I just did a batch of Gouda, cheddar, and cheddar jack over apple for three hours. So good!


----------



## illini40 (Nov 29, 2020)

sky monkey said:


> This is my 2nd run at cold smoking cheese. Figured I'd make some for Christmas presents and to eat at Thanksgiving. The last time I used pellets in the A-Maz-N 5x7 tray and some of you guys suggested switching to dust over the pellets. I'm here to tell you thanks! When I used pellets the initial taste was a little strong and you could see a lot of color on the cheese. With the dust this cheese tastes great right out of the smoker. Even better this morning after sitting in the fridge overnight.
> 
> 5lbs of pepper jack and 3 lbs of manchego. I smoked for 3 hours 45 minutes with A-Maz-N Pitmaster's Choice dust (hickory, cherry, maple blend) in my MES 40. Ambient temp was about 41 degrees F I did not plug the probes in for the smoker temp but it was cool for sure (no more than 60F). Rested overnight uncovered in the fridge. I had started both ends of the tray but one side went out right away and I got it going again about an hour into the smoke after I noticed. I haven't done the mailbox mod yet but I put a couple trays in the path of the smoke so it wasn't flowing directly onto the cheese to reduce creosote deposits. YUM!
> 
> ...



Quite the spread! Looks great.

For holiday gifting, how long do you think it is best to let the smoked cheese age/rest before gifting?

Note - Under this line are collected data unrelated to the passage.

(* Let $q$ be a prime with $q\equiv 1 \pmod 4$ and let $\zeta\in\mathbb Z$ be such that its residue generates $(\mathbb Z/q)^\times$. Let $D$ be the group of order $q^3$ generated by $d_1,d_2,d_3$ of order $q$, with $D = (\langle d_3\rangle\times\langle d_2\rangle)\rtimes\langle d_1\rangle$, where $d_3$ is central and $d_1^{-1}d_2d_1 = d_2d_3$. Let $\tau,\alpha_1,\alpha_2$ be the automorphisms of $D$ given by $\tau: d_1\mapsto d_2,\ d_2\mapsto d_1,\ d_3\mapsto d_3^{-1}$; $\alpha_1: d_1\mapsto d_1^{\zeta},\ d_2\mapsto d_2,\ d_3\mapsto d_3^{\zeta}$; $\alpha_2: d_1\mapsto d_1,\ d_2\mapsto d_2^{\zeta},\ d_3\mapsto d_3^{\zeta}$, and let $A=\langle\tau,\alpha_1,\alpha_2\rangle\le \operatorname{Aut}(D)$. Let $\Delta: A\to \operatorname{GL}_2(q)$ be the homomorphism with $\Delta(\tau)=\begin{pmatrix}0&1\\1&0\end{pmatrix}$, $\Delta(\alpha_1)=\begin{pmatrix}\zeta&0\\0&1\end{pmatrix}$, $\Delta(\alpha_2)=\begin{pmatrix}1&0\\0&\zeta\end{pmatrix}$. Let $M=\mathbb F_q^3$ (column vectors) with the left action of $D\rtimes A$ in which $d_1$ acts by $\begin{pmatrix}1&1&0\\0&1&0\\0&0&1\end{pmatrix}$, $d_2$ acts by $\begin{pmatrix}1&0&1\\0&1&0\\0&0&1\end{pmatrix}$, $d_3$ acts as the identity, and $a\in A$ acts by $\det(\Delta(a))\cdot\begin{pmatrix}1&0\\0&\Delta(a^{-1})^{\top}\end{pmatrix}$ (a block diagonal matrix with a $1\times1$ block and a $2\times2$ block). Define $$\chi: D\to M,\quad d_1^{n_1}d_2^{n_2}d_3^{n_3}\mapsto \begin{pmatrix} n_3-\tfrac12 n_1n_2\\ -\tfrac12 n_2\\ \tfrac12 n_1\end{pmatrix}$$ (entries computed in $\mathbb F_q$). Then $(M,\chi)$ is an $A$-equivariant IYB-structure on $D$, and every $A$-equivariant IYB-structure on $D$ is isomorphic to $(M,\chi)$.
   Context: For a group $G$ and a left $\mathbb Z G$-module $M$, a $1$-cocycle is a map $\chi: G \to M$ with $\chi(gh) = \chi(g) + g\chi(h)$ for all $g,h\in G$. If a group $A$ acts on a finite group $G$ from the left by automorphisms (written $g\mapsto {}^a g$), an $A$-equivariant IYB-structure on $G$ is a pair $(M,\chi)$ where $M$ is a left $\mathbb Z[G\rtimes A]$-module and $\chi: G\to M$ (with $M$ regarded as a $G$-module by restriction) is a bijective $1$-cocycle satisfying $\chi({}^a g) = a\chi(g)$ for all $a\in A$, $g\in G$. Two $A$-equivariant IYB-structures $(M,\chi)$ and $(M',\chi')$ on $G$ are isomorphic if there is a $\mathbb Z[G\rtimes A]$-module isomorphism $\varphi: M\to M'$ with $\chi'=\varphi\circ\chi$. *)

From HB Require Import structures.
From mathcomp Require Import all_boot all_order all_algebra all_fingroup.
From mathcomp Require Import center.
Set Implicit Arguments.
Unset Strict Implicit.
Unset Printing Implicit Defensive.
Import GRing.Theory.

(* CONVENTION: in MathComp, permutations compose left-to-right:
   (s * t)%g x = t (s x).  Hence the composition a \o b (first b, then a)
   of automorphisms a, b is the MathComp product (b * a)%g.  All "left action"
   and "homomorphism" axioms below for the group A of automorphisms are stated
   with respect to composition a \o b, i.e. using (b * a)%g. *)

Section IYB.
Variable gT : finGroupType.

Definition zexpg (x : gT) (z : int) : gT :=
  match z with
  | Posz n => (x ^+ n)%g
  | Negz n => ((x ^+ n.+1)^-1)%g
  end.

(* A left Z[G \rtimes A]-module structure on M, where A is a group of
   automorphisms of G (acting by evaluation a g), given by the restricted
   actions of G and of A (this is exactly a module over the semidirect product). *)
Definition sdmodule (G : {set gT}) (A : {set {perm gT}}) (M : zmodType)
  (actG : gT -> M -> M) (actA : {perm gT} -> M -> M) : Prop :=
  [/\ (forall g, g \in G -> forall m m', actG g (m + m')%R = (actG g m + actG g m')%R),
      (forall m, actG 1%g m = m)
    & (forall g h, g \in G -> h \in G -> forall m, actG (g * h)%g m = actG g (actG h m))] /\
  [/\ (forall a, a \in A -> forall m m', actA a (m + m')%R = (actA a m + actA a m')%R),
      (forall m, actA 1%g m = m),
      (forall a b, a \in A -> b \in A -> forall m, actA (b * a)%g m = actA a (actA b m))
    & (forall a g, a \in A -> g \in G -> forall m, actA a (actG g m) = actG (a g) (actA a m))].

How long do you let it rest before vac sealing?


----------



## sky monkey (Dec 4, 2020)

illini40 said:


> For holiday gifting, how long do you think it is best to let the smoked cheese age/rest before gifting?


Since I switched to using the dust instead of pellets in my AMNPS the cheese is tasty right out of the smoker. I started gifting it 2 days later. As far as the rest before I vac sealed it, I let it sit on a baking sheet in the fridge overnight. About 9 hours in the fridge and then vac sealed it.


----------



## zwiller (Dec 5, 2020)

illini40 said:


> For holiday gifting, how long do you think it is best to let the smoked cheese age/rest before gifting?  How long do you let it rest before vac sealing?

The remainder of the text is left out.